If it was a trick, it was a damn good one.
Still, the advice Julie recounts is wise. I have whole-boned nothing more complicated than a raw turkey breast, and had to take frequent time-outs just to cuss. Know your bird, know yourself...but, if you are inclined to experimentation or masochism, an excellent online guide is Boning Birds Whole. Step-by-step, excellent (though vaguely obscene) photos, it will walk you through the process.

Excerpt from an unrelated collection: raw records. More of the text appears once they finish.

Definition SortAccPoint (V : Alg -> Prop) (B : Alg) :=
  forall D : list Xi, exists A, V A /\ RestrQuotientOf D A B.

(* B is (isomorphic to) a subalgebra of the finite product of the F i:
   a family of morphisms f i : B -> F i that is jointly an order embedding *)
Definition SubOfFinProd (V : Alg -> Prop) (B : Alg) :=
  exists (I : finType) (F : I -> Alg) (f : forall i, Hom B (F i)),
    (forall i, V (F i)) /\
    forall x (a b : B x), le a b <-> (forall i, le (f i x a) (f i x b)).

Definition PseudoVariety (V : Alg -> Prop) :=
  (forall A, V A -> Finitary A) /\
  (forall A B, V A -> QuotientOf A B -> V B) /\
  (forall B, Finitary B -> SubOfFinProd V B -> V B) /\
  (forall B, Finitary B -> SortAccPoint V B -> V B).

Definition GeneratedPV (S : Alg -> Prop) (A : Alg) :=
  forall V, PseudoVariety V -> (forall B, S B -> V B) -> V A.

Record Alphabet := { asym : finType; asort : asym -> Xi }.

Definition apos_car (S : Alphabet) (x : Xi) := {a : asym S | asort a = x}.
Definition APos (S : Alphabet) : SPos :=
  @Build_SPos (apos_car S) (fun x a b => a = b)
    (fun x a => erefl) (fun x a b c h1 h2 => etrans h1 h2)
    (fun x a b h _ => h).

Definition MS (S : Alphabet) := FreeAlg (APos S).

Definition Language (S : Alphabet) (xi : Xi) := M (APos S) xi -> Prop.

Definition Recognises (A : Alg) (S : Alphabet) (xi : Xi) (K : Language S xi) :=
  exists (phi : Hom (MS S) A) (P : A xi -> Prop),
    (forall a b, P a -> le a b -> P b) /\
    forall s, K s <-> P (phi xi s).

(* Sigma + {Box}, Box of sort zeta *)
Definition AddHole (S : Alphabet) (zeta : Xi) : Alphabet :=
  {| asym := option (asym S);
     asort := fun o => match o with Some a => asort a | None => zeta end |}.

Section Plug.
Variables (S : Alphabet) (zeta : Xi) (s : M (APos S) zeta).
Definition plug_fun (x : Xi) (o : APos (AddHole S zeta) x) : M (APos S) x :=
  match o with
  | exist a h =>
    (match a as a0 return @asort (AddHole S zeta) a0 = x -> M (APos S) x with
     | Some b => fun h => sing (APos S) x (exist _ b h)
     | None => fun h => eq_rect zeta (fun y => M (APos S) y) s x h
     end) h
  end.
Lemma plug_mono x (a b : APos (AddHole S zeta) x) :
  le a b -> le (plug_fun a) (plug_fun b).
Proof. by move=> /= ->; apply: le_refl. Qed.
Definition plug_hom : PosHom (APos (AddHole S zeta)) (M (APos S)) :=
  Build_PosHom plug_mono.
(* p[s] : image of p under the algebra morphism extending Box |-> s, c |-> sing c *)
Definition plug (xi : Xi) (p : M (APos (AddHole S zeta)) xi) : M (APos S) xi :=
  flat _ xi (Mmap plug_hom xi p).
End Plug.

In my limited experience, nimble fingers and a quick mind are more important than a sharp boning knife at the muscle-tendon-bone connection. At some point, the tendon should stay connected to the bone, since the thicker parts are not pleasant eating. There is a natural tendency to "meat imperialism" - since your commitment increases with the time you spend. you'll want to leave as much as possible connected to the "main mass" as it slowly accumulates and you'll want to get as close to the bone as is humanly possible.
You'll waste a lot of time if you let those impulses get to you. The other end of the tendon is in the meat itself, but it's generally a better place to cut, minimizing intrusion at the "mangle point". Clean incisions will close during cooking. Practice boning on some chicken thighs - they're very cheap. Thighs and legs are difficult, that's where the muscles are toughest and the tendons most prominent - a real challenge. That is, if you're inclined to try...but it might be easier than finding a butcher.